FOODIE is an agriculture knowledge hub delivered as a Web application built on top of metaphactory Knowledge Graph platform. The application enables an integrated view and access over multiple datasets which have been collected from various and heterogeneous sources relevant to the agriculture sector, transformed, and published as Linked Data / in a Knowledge Graph.
Farm management is a complex process that involves multiple activities carried out by farmers and other stakeholders, who have to manage multiple and heterogeneous data sources collected and generated through various applications, services and devices.
The rapid advances of IoT technologies, AI and Big Data, among others, have boosted the adoption of smart farming practices, which emphasizes the use of ICT in the farm management cycle to exploit the available data.
The explosion of data availability, however, has led to new challenges. Data is usually available in different sources, in different formats, and represented according to different models, thereby hampering data interoperability and integration. The lack of integrated data access, in turn, hinders the full potential of value creation based on all the available data, and the development of smart services and applications supporting the decision making processes. Thus, a key challenge to realise the smart farming vision to its fullest is to combine/integrate those different and heterogeneous data sources in order to support the decision making processes.

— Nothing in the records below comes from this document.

Lemma fsigma_comm i j : 1 <= i -> i + 2 <= j -> j <= n ->
  fsigma i * fsigma j = fsigma j * fsigma i.
Proof.
  intros Hi Hij Hj.
  assert (Hconj : fsigma i * (fdelta (j - 1))^-1 = (fdelta (j - 1))^-1 * fsigma (S i)).
  { apply (mulgI H (fdelta (j - 1))). rewrite mulKVg, gmulA, fdelta_fsigma_shift by lia.
    rewrite <- gmulA, mulgV. apply mulg1. }
  unfold fsigma at 2 4. fold (fdelta (j - 1)) (fdelta j).
  rewrite gmulA, Hconj, <- gmulA, <- fdelta_fsigma_shift by lia. apply gmulA.
Qed.

Lemma fdelta_fsigma_comm m k : m + 2 <= k -> k <= n ->
  fdelta m * fsigma k = fsigma k * fdelta m.
Proof.
  revert k. induction m as [|m IH]; intros k Hmk Hk.
  { rewrite fdelta0, gmul1. symmetry. apply mulg1. }
  rewrite <- (fdelta_fsigma (S m)) by lia. replace (S m - 1) with m by lia.
  rewrite <- gmulA, (fsigma_comm (S m) k) by lia. rewrite gmulA, IH by lia.
  symmetry. apply gmulA.
Qed.

Lemma fsigma_braid i : 1 <= i -> i + 1 <= n ->
  fsigma i * (fsigma (S i) * fsigma i) = fsigma (S i) * (fsigma i * fsigma (S i)).
Proof.
  intros Hi Hin.
  pose proof (fdelta_fsigma_shift i (S i) Hi ltac:(lia) ltac:(lia)) as Hshift.
  assert (Hexp : fdelta (S i) = (fdelta (i - 1) * fsigma i) * fsigma (S i)).
  { rewrite fdelta_fsigma, <- (fdelta_fsigma (S i)) by lia. do 2 f_equal. lia. }
  rewrite Hexp in Hshift.
  apply (mulgI H (fdelta (i - 1))).
  transitivity (((fdelta (i - 1) * fsigma i) * fsigma (S i)) * fsigma i).
  { rewrite !gmulA. reflexivity. }
  rewrite Hshift, !gmulA, <- (fdelta_fsigma_comm (i - 1) (S i)) by lia. reflexivity.
Qed.

Definition fletter (l : letter) : H :=
  if (1 <=? fst l) && (fst l <=? n)
  then (if snd l then fsigma (fst l) else (fsigma (fst l))^-1)
  else gone H.

Definition fword (w : word) : H := fold_right (fun l acc => fletter l * acc) (gone H) w.

Lemma fword_app u v : fword (u ++ v) = fword u * fword v.
Proof. induction u as [|l u IH]; simpl; [symmetry; apply gmul1 | rewrite IH; apply gmulA]. Qed.

Lemma fword_letter i b : 1 <= i <= n ->
  fword [(i, b)] = if b then fsigma i else (fsigma i)^-1.
Proof.
  intro Hi. simpl. rewrite mulg1. unfold fletter. cbn [fst snd].
  replace (1 <=? i) with true by (symmetry; apply Nat.leb_le; lia).
  replace (i <=? n) with true by (symmetry; apply Nat.leb_le; lia).
  reflexivity.
Qed.

Lemma fword_braid_eq u v : braid_eq n u v -> fword u = fword v.
Proof.
  induction 1 as [| | |u v w1 w2 _ IH|i b Hi|i j Hi Hj Hij|i Hi Hin].
  - reflexivity.
  - symmetry; assumption.
  - etransitivity; eassumption.
  - rewrite !fword_app, IH. reflexivity.
  - change [(i, b); (i, negb b)] with ([(i, b)] ++ [(i, negb b)]).
    rewrite fword_app, !fword_letter by lia.
    destruct b; [apply mulgV | apply gmulV].
  - change [sig i; sig j] with ([(i, true)] ++ [(j, true)]).
    change [sig j; sig i] with ([(j, true)] ++ [(i, true)]).
    rewrite !fword_app, !fword_letter by lia. apply fsigma_comm; lia.
  - change [sig i; sig (i + 1); sig i] with ([(i, true)] ++ [(i + 1, true)] ++ [(i, true)]).
    change [sig (i + 1); sig i; sig (i + 1)]
      with ([(i + 1, true)] ++ [(i, true)] ++ [(i + 1, true)]).
    rewrite !fword_app, !fword_letter by lia.
    replace (i + 1) with (S i) by lia. apply fsigma_braid; lia.
Qed.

Knowledge graphs provide a flexible and efficient solution to address some of those challenges. In particular, they can provide an integrated view over (initially) disconnected and heterogeneous datasets, through the interlinking of different entities, typically by applying Linked Data principles, and in compliance with any privacy and access control needs. Accordingly, different agri-related projects (e.g., DEMETER, OPEN IACS, SIEUSOIL, etc.) are generating and using knowledge graphs based on Linked Data to support large scale harmonization and integration of a large variety of data collected from various heterogeneous sources in order to provide an integrated view on them.
Built on top of the metaphactory Knowledge Graph platform, the FOODIE application supports the integration of multiple and heterogeneous datasets, vocabularies, and taxonomies, and serves multiple use cases - from collections of agri-related indicators to deliver insights into crop distribution, through farm productivity and sustainability benchmarking, to aquaculture monitoring.
The main data source of the FOODIE application is a Virtuoso triplestore with over 1 billion triples from more than 100 datasets, which makes it one of the largest public semantic repositories related to agriculture, recognized by the European Commission Innovation Radar as the “Arable Farming Data Integrator for Smart Farming”.
The FOODIE application comprises several custom templates and pages that showcase different user scenarios for knowledge discovery, navigation, exploration and/or analytics allowing end users and stakeholders of the agri-food sector to extract meaningful and actionable insights that can support them in taking more economically and environmentally sound decisions.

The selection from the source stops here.